→ PROBLEM TO SOLVE: From the records, pick out and copy each line containing "range".

Dataset entries:
_ _ _ _ _ _ _

(* Let $T:X\to X$ be a continuous map on a Hausdorff topological space $X$. The following are equivalent: (i) $T$ is quasi-rigid; (ii) $T$ is $\mathcal{F}(A)$-recurrent for some infinite set $A\subset\mathbb{N}_0$; (iii) $T$ is $\mathcal{F}$-recurrent for some Furstenberg family $\mathcal{F}$ which is a filter and has a countable base (i.e. there are $A_k\in\mathcal{F}$, $k\in\mathbb{N}$, such that every member of $\mathcal{F}$ contains some $A_k$). If moreover $X$ is second-countable, these are also equivalent to: (iv) $T$ is $\mathcal{F}$-recurrent for some Furstenberg family $\mathcal{F}$ with the finite intersection property.
   Context: A Furstenberg family is a collection $\mathcal{F}$ of subsets of $\mathbb{N}_0$ such that every $A\in\mathcal{F}$ is infinite, $B\in\mathcal{F}$ whenever $A\in\mathcal{F}$ and $A\subset B$, and $A\cap[n,\infty)\in\mathcal{F}$ for all $A\in\mathcal{F}$, $n\in\mathbb{N}$. $\mathcal{F}$ is a filter if it is hereditarily upward and $A\cap B\in\mathcal{F}$ for all $A,B\in\mathcal{F}$; it has the finite intersection property if every finite subcollection has non-empty intersection. For infinite $A\subset\mathbb{N}_0$, $\mathcal{F}(A)=\{B\subset\mathbb{N}_0:A\setminus B \text{ is finite}\}$. For $x\in X$ and $U\subset X$, $N(x,U)=\{n\in\mathbb{N}_0:T^nx\in U\}$. A point $x$ is $\mathcal{F}$-recurrent if $N(x,U)\in\mathcal{F}$ for every neighbourhood $U$ of $x$; $T$ is $\mathcal{F}$-recurrent if the set of $\mathcal{F}$-recurrent points is dense. $T$ is quasi-rigid if there exist a strictly increasing sequence $(n_k)$ of positive integers and a dense $Y\subset X$ with $T^{n_k}x\to x$ for every $x\in Y$. *)

From HB Require Import structures.
From mathcomp Require Import all_boot all_order all_algebra.
From mathcomp Require Import all_classical all_reals all_analysis.
Set Implicit Arguments. Unset Strict Implicit. Unset Printing Implicit Defensive.
Import Order.TTheory GRing.Theory Num.Theory.
Local Open Scope classical_set_scope.

Definition furstenberg_family (F : set (set nat)) : Prop :=
  [/\ (forall A, F A -> infinite_set A),
      (forall A B, F A -> A `<=` B -> F B) &
      (forall A (n : nat), F A -> (0 < n)%N -> F (A `&` [set k | (n <= k)%N]))].

Definition family_filter (F : set (set nat)) : Prop :=
  (forall A B, F A -> A `<=` B -> F B) /\
  (forall A B, F A -> F B -> F (A `&` B)).

Definition family_fip (F : set (set nat)) : Prop :=
  forall (n : nat) (A : nat -> set nat),
    (forall i, (i < n)%N -> F (A i)) ->
    exists m : nat, forall i, (i < n)%N -> A i m.

Definition family_countable_base (F : set (set nat)) : Prop :=
  exists Ak : nat -> set nat,
    (forall k, F (Ak k)) /\ (forall B, F B -> exists k, Ak k `<=` B).

Definition cofinite_family (A : set nat) : set (set nat) :=
  [set B | finite_set (A `\` B)].

Definition return_set (X : Type) (T : X -> X) (x : X) (U : set X) : set nat :=
  [set n | U (iter n T x)].

Definition F_recurrent_point (X : topologicalType) (F : set (set nat))
  (T : X -> X) (x : X) : Prop :=
  forall U, nbhs x U -> F (return_set T x U).

Definition F_recurrent (X : topologicalType) (F : set (set nat)) (T : X -> X) : Prop :=
  dense [set x | F_recurrent_point F T x].

Definition quasi_rigid (X : topologicalType) (T : X -> X) : Prop :=
  exists nk : nat -> nat,
    (forall k, (0 < nk k)%N) /\ (forall k, (nk k < nk k.+1)%N) /\
    exists Y : set X, dense Y /\
      forall x, Y x -> (fun k => iter (nk k) T x) @ \oo --> x.

From HB Require Import structures.
From mathcomp Require Import all_boot all_order all_algebra.
From mathcomp Require Import all_classical all_reals all_analysis.
Local Open Scope classical_set_scope.

(** A quasi-rigidity sequence (n_k) makes every point of the dense set Y
    recurrent along the cofinite family of {n_k}, a filter with a countable
    base and hence with the finite intersection property.  Conversely, if F
    has the finite intersection property and a countable base (A_k), pick
    n_k > n_(k-1) in A_0 ∩ ... ∩ A_k; every F-recurrent point then satisfies
    T^(n_k) x -> x.  Without a base but with a countable basis (e_j) of X,
    do the same for a dense sequence (y_i) of F-recurrent points, choosing
    n_k so that T^(n_k) y_i lies in every e_j ∋ y_i with i, j <= k. *)

Lemma finite_set_nat_bounded (S : set nat) :
  finite_set S -> exists M, forall a, S a -> (a < M)%N.
Proof.
move=> /finite_fsetP[A ->]; exists (\max_(a <- finmap.enum_fset A) a).+1.
by move=> a /= Aa; rewrite ltnS; exact: (@leq_bigmax_seq _ _ xpredT id a).
Qed.

Lemma infinite_set_nat_gt {S : set nat} (m : nat) :
  infinite_set S -> exists n, (m < n)%N /\ S n.
Proof.
move=> infS; apply: contrapT => noS; apply: infS.
apply: (@sub_finite_set _ _ `I_m.+1); last exact: finite_II.
by move=> n Sn /=; rewrite ltnNge; apply/negP => mn; apply: noS; exists n.
Qed.

Lemma leq_incr_seq (u : nat -> nat) :
  (forall k, (u k < u k.+1)%N) -> forall k, (k <= u k)%N.
Proof. by move=> u_incr; elim=> // k IHk; exact: leq_ltn_trans IHk (u_incr k). Qed.

Lemma increasing_seq_choice (G : nat -> set nat) :
  (forall k m, exists n, (m < n)%N /\ G k n) ->
  exists u : nat -> nat,
    [/\ forall k, (0 < u k)%N, forall k, (u k < u k.+1)%N & forall k, G k (u k)].
Proof.
move=> G_unbounded.
have [f fP] : {f : nat -> nat -> nat & forall k m, (m < f k m)%N /\ G k (f k m)}.
  apply: (@choice _ _ (fun k g => forall m, (m < g m)%N /\ G k (g m))) => k.
  by have [g] := choice (G_unbounded k); exists g.
pose u := fix u k := if k is k'.+1 then f k (u k') else f 0 0.
exists u; split.
- case=> [|k] /=; first by case: (fP 0 0).
  by case: (fP k.+1 (u k)) => /(leq_trans _) ->.
- by move=> k /=; case: (fP k.+1 (u k)).
- by case=> [|k] /=; [case: (fP 0 0) | case: (fP k.+1 (u k))].
Qed.

Section FamilyMeets.
Context {F : set (set nat)}.

Lemma family_filter_meet_le : family_filter F ->
  forall n (A : nat -> set nat), (forall i, (i <= n)%N -> F (A i)) ->
  F [set p | forall i, (i <= n)%N -> A i p].
Proof.
move=> [F_up F_meet]; elim=> [|n IHn] A FA.
  by apply: F_up (FA 0 isT) _ => p A0p i; rewrite leqn0 => /eqP->.
apply: F_up (F_meet _ _ (IHn A (fun i ni => FA i (leqW ni))) (FA n.+1 (leqnn _))) _.
by move=> p [Ap An1p] i; rewrite leq_eqVlt => /orP[/eqP->|]; last exact: Ap.
Qed.

Hypothesis F_furstenberg : furstenberg_family F.

Lemma furstenberg_filter_fip : family_filter F -> family_fip F.
Proof.
case: F_furstenberg => F_inf _ _ F_filter [|n] A FA; first by exists 0.
have FAn : F [set p | forall i, (i <= n)%N -> A i p].
  exact: family_filter_meet_le.
by have [p [_ Ap]] := infinite_set_nat_gt 0 (F_inf _ FAn); exists p.
Qed.

Lemma fip_meet_gt : family_fip F ->
  forall n m (A : nat -> set nat), (forall i, (i <= n)%N -> F (A i)) ->
  exists p, (m < p)%N /\ forall i, (i <= n)%N -> A i p.
Proof.
case: F_furstenberg => _ _ F_tail F_fip n m A FA.
have [p Ap] := F_fip n.+1 (fun i => A i `&` [set p | (m.+1 <= p)%N])
  (fun i ni => F_tail _ m.+1 (FA i ni) isT).
by exists p; split; [case: (Ap n (ltnSn n)) | move=> i ni; case: (Ap i ni)].
Qed.

End FamilyMeets.

Section CofiniteFamily.
Context {A : set nat}.
Hypothesis A_infinite : infinite_set A.

Lemma cofinite_family_up (B C : set nat) :
  cofinite_family A B -> B `<=` C -> cofinite_family A C.
Proof. by move=> AB BC; apply: sub_finite_set AB => n [An nCn]; split => // /BC. Qed.

Lemma cofinite_family_furstenberg : furstenberg_family (cofinite_family A).
Proof.
split.
- move=> B AB finB; apply: A_infinite.
  apply: (@sub_finite_set _ _ ((A `\` B) `|` B)); last by rewrite finite_setU.
  by move=> n An; case: (pselect (B n)) => ?; [right | left].
- exact: cofinite_family_up.
- move=> B m AB _; rewrite /cofinite_family /=.
  apply: (@sub_finite_set _ _ ((A `\` B) `|` `I_m)).
    move=> n [An nBn]; case: (pselect (B n)) => Bn; [right | left] => //=.
    by rewrite ltnNge; apply/negP => mn; apply: nBn.
  by rewrite finite_setU; split => //; exact: finite_II.
Qed.

Lemma cofinite_family_filter : family_filter (cofinite_family A).
Proof.
split; first exact: cofinite_family_up.
move=> B C AB AC; apply: (@sub_finite_set _ _ ((A `\` B) `|` (A `\` C))).
  move=> n [An nBCn]; case: (pselect (B n)) => Bn; [right | left] => //.
  by split => // Cn; apply: nBCn.
by rewrite finite_setU.
Qed.

Lemma cofinite_family_countable_base : family_countable_base (cofinite_family A).
Proof.
exists (fun k => A `&` [set n | (k <= n)%N]); split.
- move=> k; apply: (@sub_finite_set _ _ `I_k); last exact: finite_II.
  by move=> n [An nAkn] /=; rewrite ltnNge; apply/negP => kn; apply: nAkn.
- move=> B /finite_set_nat_bounded[M AB_lt]; exists M => n [An /= Mn].
  apply: contrapT => nBn; have := AB_lt n (conj An nBn).
  by rewrite ltnNge Mn.
Qed.

Lemma cofinite_family_fip : family_fip (cofinite_family A).
Proof. exact/furstenberg_filter_fip/cofinite_family_filter/cofinite_family_furstenberg. Qed.

End CofiniteFamily.

Lemma dense_subset {X : topologicalType} {Y Z : set X} :
  Y `<=` Z -> dense Y -> dense Z.
Proof.
by move=> YZ Y_dense O O0 oO; have [x [Ox /YZ Zx]] := Y_dense O O0 oO; exists x.
Qed.

Lemma second_countable_nbhs_basis {X : topologicalType} : @second_countable X ->
  exists e : nat -> set X, (forall j, open (e j)) /\
    (forall (x : X) (U : set X), nbhs x U -> exists j, e j x /\ e j `<=` U).
Proof.
move=> [B B_countable [B_open B_basis]]; have [g g_inj] := countable_injP _ B_countable.
pose e j := if pselect (exists2 V, B V & g V = j) is left gV then projT1 (cid2 gV) else set0.
have e_g V : B V -> e (g V) = V.
  move=> BV; rewrite /e; case: pselect => [gV|[]]; last by exists V.
  case: (cid2 gV) => W BW gW /=.
  by apply: g_inj; rewrite ?in_setE.
exists e; split.
  move=> j; rewrite /e; case: pselect => [gV|_]; last exact: open0.
  by case: (cid2 gV) => V BV _ /=; exact: B_open.
move=> x U xU; have [V [BV Vx] VU] := B_basis x U xU.
by exists (g V); rewrite e_g.
Qed.

Lemma second_countable_dense_seq {X : topologicalType} {D : set X} {x0 : X} :
  D x0 -> @second_countable X -> dense D ->
  exists y : nat -> X, (forall i, D (y i)) /\ dense (range y).
Proof.
move=> Dx0 X_sc D_dense; have [e [e_open e_basis]] := second_countable_nbhs_basis X_sc.
pose y i := if pselect (exists z, e i z /\ D z) is left ez then projT1 (cid ez) else x0.
exists y; split.
  by move=> i; rewrite /y; case: pselect => // ez; case: (cid ez) => z [].
move=> O O0 O_open; have [z [Oz Dz]] := D_dense O O0 O_open.
have [j [ejz ejO]] := e_basis z O (open_nbhs_nbhs (conj O_open Oz)).
exists (y j); split; last by exists j.
apply: ejO; rewrite /y; case: pselect => [ez|[]]; last by exists z.
by case: (cid ez) => w [].
Qed.

Section Recurrence.
Context {X : topologicalType} {T : X -> X}.

Lemma quasi_rigid_cofinite_recurrent : quasi_rigid T ->
  exists A : set nat, infinite_set A /\ F_recurrent (cofinite_family A) T.
Proof.
move=> [nk [_ [nk_incr [Y [Y_dense Y_cvg]]]]]; exists (range nk); split.
  move=> /finite_set_nat_bounded[M nk_lt].
  by have := nk_lt (nk M) (ex_intro2 _ _ M I erefl); rewrite ltnNge leq_incr_seq.
apply: dense_subset Y_dense => x Yx U xU.
have [M _ nkU] := Y_cvg x Yx U xU.
apply: (@sub_finite_set _ _ (nk @` `I_M)); last exact/finite_image/finite_II.
move=> _ [[k _ <-] nU]; exists k => //=.
by rewrite ltnNge; apply/negP => Mk; apply: nU; exact: nkU.
Qed.

Context {F : set (set nat)}.
Hypotheses (F_furstenberg : furstenberg_family F) (F_fip : family_fip F).

Lemma countable_base_recurrent_quasi_rigid :
  family_countable_base F -> F_recurrent F T -> quasi_rigid T.
Proof.
move=> [Ak [FAk Ak_base]] F_rec.
have [nk [nk_gt0 nk_incr Ak_nk]] :
    exists nk : nat -> nat, [/\ forall k, (0 < nk k)%N, forall k, (nk k < nk k.+1)%N &
      forall k i, (i <= k)%N -> Ak i (nk k)].
  apply: (increasing_seq_choice (fun k n => forall i, (i <= k)%N -> Ak i n)) => k m.
  exact: fip_meet_gt F_furstenberg F_fip k m Ak (fun i _ => FAk i).
exists nk; split => //; split => //; exists [set x | F_recurrent_point F T x].
split => // x x_rec U /x_rec/Ak_base[j AjU].
by exists j => // k /= jk; apply: AjU; exact: Ak_nk.
Qed.

Lemma second_countable_recurrent_quasi_rigid :
  @second_countable X -> F_recurrent F T -> quasi_rigid T.
Proof.
move=> X_sc F_rec; set R := [set x | F_recurrent_point F T x] in F_rec.
have [[x0 Rx0]|noR] := pselect (exists x, R x); last first.
  exists succn; split => //; split => //; exists R; split => // x Rx.
  by exfalso; apply: noR; exists x.
have [y [Ry y_dense]] := second_countable_dense_seq Rx0 X_sc F_rec.
have [e [e_open e_basis]] := second_countable_nbhs_basis X_sc.
pose W k i := [set z | forall j, (j <= k)%N -> e j (y i) -> e j z].
have W_nbhs k i : nbhs (y i) (W k i).
  have : \forall z \near y i, forall j : 'I_k.+1, e j (y i) -> e j z.
    apply: filter_forall => j; have [eyj|neyj] := pselect (e j (y i)).
      by apply: filterS (open_nbhs_nbhs (conj (e_open j) eyj)) => z ejz.
    by apply: nearW => z /neyj.
  by apply: filterS => z Wz j jk; exact: (Wz (Ordinal (jk : (j < k.+1)%N))).
have [nk [nk_gt0 nk_incr W_nk]] :
    exists nk : nat -> nat, [/\ forall k, (0 < nk k)%N, forall k, (nk k < nk k.+1)%N &
      forall k i, (i <= k)%N -> W k i (iter (nk k) T (y i))].
  apply: (increasing_seq_choice
    (fun k n => forall i, (i <= k)%N -> W k i (iter n T (y i)))) => k m.
  exact: fip_meet_gt F_furstenberg F_fip k m _ (fun i _ => Ry i _ (W_nbhs k i)).
exists nk; split => //; split => //; exists (range y); split => // _ [i _ <-] U.
move=> /e_basis[j [eyj ejU]]; exists (maxn i j) => // k /= ijk.
apply/ejU/(W_nk k i); rewrite ?(leq_trans _ ijk) ?leq_maxl ?leq_maxr //.
Qed.

End Recurrence.

Theorem mainTheorem9 (X : topologicalType) (T : X -> X) :
  hausdorff_space X -> continuous T ->
  [/\ quasi_rigid T <->
        (exists A : set nat, infinite_set A /\ F_recurrent (cofinite_family A) T),
      quasi_rigid T <->
        (exists F : set (set nat), [/\ furstenberg_family F, family_filter F,
            family_countable_base F & F_recurrent F T]) &
      @second_countable X ->
        (quasi_rigid T <->
           (exists F : set (set nat), [/\ furstenberg_family F, family_fip F &
               F_recurrent F T]))].
Proof.
move=> _ _.
have cofinite_filter_base A : infinite_set A -> F_recurrent (cofinite_family A) T ->
    exists F, [/\ furstenberg_family F, family_filter F,
      family_countable_base F & F_recurrent F T].
  move=> A_inf A_rec; exists (cofinite_family A); split => //.
  + exact: cofinite_family_furstenberg.
  + exact: cofinite_family_filter.
  + exact: cofinite_family_countable_base.
have filter_base_quasi_rigid : (exists F, [/\ furstenberg_family F, family_filter F,
    family_countable_base F & F_recurrent F T]) -> quasi_rigid T.
  move=> [F [F_furst F_filter F_base F_rec]].
  have F_fip := furstenberg_filter_fip F_furst F_filter.
  exact: countable_base_recurrent_quasi_rigid F_furst F_fip F_base F_rec.
split; [split | split | move=> X_sc; split].
- exact: quasi_rigid_cofinite_recurrent.
- by move=> [A [A_inf A_rec]]; apply/filter_base_quasi_rigid/(cofinite_filter_base A).
- by move=> /quasi_rigid_cofinite_recurrent[A [A_inf A_rec]]; exact: (cofinite_filter_base A).
- exact: filter_base_quasi_rigid.
- move=> /quasi_rigid_cofinite_recurrent[A [A_inf A_rec]].
  exists (cofinite_family A); split => //.
  + exact: cofinite_family_furstenberg.
  + exact: cofinite_family_fip.
- move=> [F [F_furst F_fip F_rec]].
  exact: second_countable_recurrent_quasi_rigid F_furst F_fip X_sc F_rec.
Qed.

_ _ _ _ _ _ _

→ RESPONSE TO THIS EXERCISE:
  exists y : nat -> X, (forall i, D (y i)) /\ dense (range y).
move=> [nk [_ [nk_incr [Y [Y_dense Y_cvg]]]]]; exists (range nk); split.
exists nk; split => //; split => //; exists (range y); split => // _ [i _ <-] U.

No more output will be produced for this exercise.